Begitu melihat alat perekam di tangan Ye Xuan, wajah Liu Wentao langsung berubah. Namun kemudian, ia malah terlihat lega, karena ia tahu, meskipun ia sadar dirinya takkan bisa lolos dari kematian, setidaknya ia tidak akan dibakar hidup-hidup.
“Hmph, Xu Maoshan, tak kusangka ternyata kaulah dalang sebenarnya di balik semua ini! Dasar bajingan terkutuk!”
Tiba-tiba, Ye Xuan berjalan mendekat, mengambil ponsel dari tubuh Liu Wentao, memastikan ponsel itu belum terkena bensin, lalu menekan beberapa nomor, mengatakan beberapa patah kata, dan melemparkannya ke depan Liu Wentao.
“Xiaoxiao, Xiaoya, Si Gendut Kecil, Xiao Li... dendam kalian sudah kubalas. Semoga kalian tenang di alam sana.” Ye Xuan menatap langit jauh di cakrawala, berbisik lirih.
“Si Gendut Kecil belum mati terbakar...” Tiba-tiba, mendengar gumaman Ye Xuan, Liu Wentao, entah demi penebusan atau karena alasan lain, mendadak berkata sesuatu yang membuat seluruh tubuh Ye Xuan bergetar hebat.
“Apa?” Ye Xuan berbalik dengan cepat, menatap Liu Wentao penuh emosi, bertanya dengan suara bergetar, “Apa yang kau bilang? Si Gendut Kecil belum mati? Lalu di mana dia?”
Mungkin karena rasa bersalah, atau karena sadar hidupnya tinggal sebentar, Liu Wentao tertawa getir, “Di Taman Utara, seluruh wajahnya rusak terbakar...”
“Taman Utara? Taman Utara? Sial, di musim sedingin ini, apa dia baik-baik saja? Kalian semua benar-benar bajingan, aku benar-benar ingin menginjak-injak kalian!” Sambil berkata demikian, tubuh Ye Xuan melesat, menghilang seketika.
Apakah Liu Wentao akan melarikan diri?
Kedua kakinya lumpuh, ponsel hancur, ditambah suara sirene polisi yang meraung di luar, Ye Xuan yakin Liu Wentao takkan bisa melarikan diri!
Begitu mendengar Si Gendut Kecil ternyata masih hidup, hati Ye Xuan yang mati dan berduka seperti disinari mentari, perlahan menghangat kembali.
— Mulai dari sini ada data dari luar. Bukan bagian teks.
Lemma expi_unit_circle (t : R) : unit_circle (expi t).
Proof. by rewrite /unit_circle /cmod /= cos2Dsin2 sqrtr1. Qed.

Lemma expiX (t : R) (n : nat) : expi t ^+ n = expi (n%:R * t).
Proof.
elim: n => [|n IH]; first by rewrite expr0 mul0r /expi cos0 sin0.
rewrite exprS IH /expi -addn1 natrD mulrDl mul1r cosD sinD.
by apply/eqP; rewrite eq_complex /=; apply/andP; split; apply/eqP; ring.
Qed.

Lemma Re_expiM (t : R) (w : C) :
  complex.Re (expi t * w) = cos t * complex.Re w - sin t * complex.Im w.
Proof. by case: w. Qed.

Lemma Im_expiM (t : R) (w : C) :
  complex.Im (expi t * w) = cos t * complex.Im w - sin t * - complex.Re w.
Proof. by case: w => a b /=; ring. Qed.

End ComplexModulus.

Section InnerProduct.
Local Open Scope complex_scope.
Variable R : realType.
Local Notation C := R[i].
Variables (H : lmodType C) (ip : H -> H -> C).
Hypothesis ip_inner : is_inner_product ip.

Lemma ipZDr x y z (a : C) : ip x (a *: y + z) = a * ip x y + ip x z.
Proof. by case: ip_inner. Qed.

Lemma ipC x y : ip y x = conjc (ip x y).
Proof. by case: ip_inner. Qed.

Lemma ip0r x : ip x 0 = 0.
Proof.
have := ipZDr x 0 0 1; rewrite scaler0 addr0 mul1r => ip0D.
by apply: (@addrI _ (ip x 0)); rewrite addr0 -ip0D.
Qed.

Lemma ipBr x y z : ip x (y - z) = ip x y - ip x z.
Proof. by rewrite -scaleN1r addrC ipZDr mulN1r addrC. Qed.

Lemma ipZDl x y z (a : C) : ip (a *: y + z) x = conjc a * ip y x + ip z x.
Proof. by rewrite ipC ipZDr rmorphD rmorphM /= -!ipC. Qed.

Lemma ipZl x y (a : C) : ip (a *: x) y = conjc a * ip x y.
Proof. by rewrite -[a *: x]addr0 ipZDl (ipC y 0) ip0r conjc0 addr0. Qed.

Lemma ipxx x : ip x x = complex.Re (ip x x) +i* 0.
Proof.
by case: ip_inner => _ _ /(_ x) [Im0 _] _; move: (ip x x) Im0 => [a b] /= ->.
Qed.

Lemma Re_ipxx_ge0 x : 0 <= complex.Re (ip x x).
Proof. by case: ip_inner => _ _ /(_ x) []. Qed.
Namun, ia tak tahu bagaimana Si Gendut Kecil bertahan selama setengah tahun ini, terutama di musim dingin seperti ini, apakah ada orang baik yang memungutnya?
“Si Gendut Kecil, semoga kau masih hidup...” Dengan hati cemas, Ye Xuan segera meninggalkan Danau Diehuwan, bergegas menuju Taman Utara.
Ketika Ye Xuan tiba dengan tergesa-gesa di Taman Utara, yang ia rasakan hanyalah angin dingin yang menusuk, kesadarannya menelusuri setiap sudut, namun tak menemukan jejak Si Gendut Kecil, membuat hatinya semakin cemas.
Perasaan tidak enak mulai menyelimuti hatinya.
“Dalam cuaca sedingin ini, bagaimana Si Gendut Kecil bertahan?” Hati Ye Xuan penuh kecemasan dan iba.
Setelah mencari di Taman Utara cukup lama tanpa hasil, Ye Xuan pun pergi mencari ke tempat-tempat di sekitar taman itu.
Ketika Ye Xuan tiba di jembatan penyeberangan di gerbang utara Taman Utara, tubuhnya tiba-tiba bergetar hebat!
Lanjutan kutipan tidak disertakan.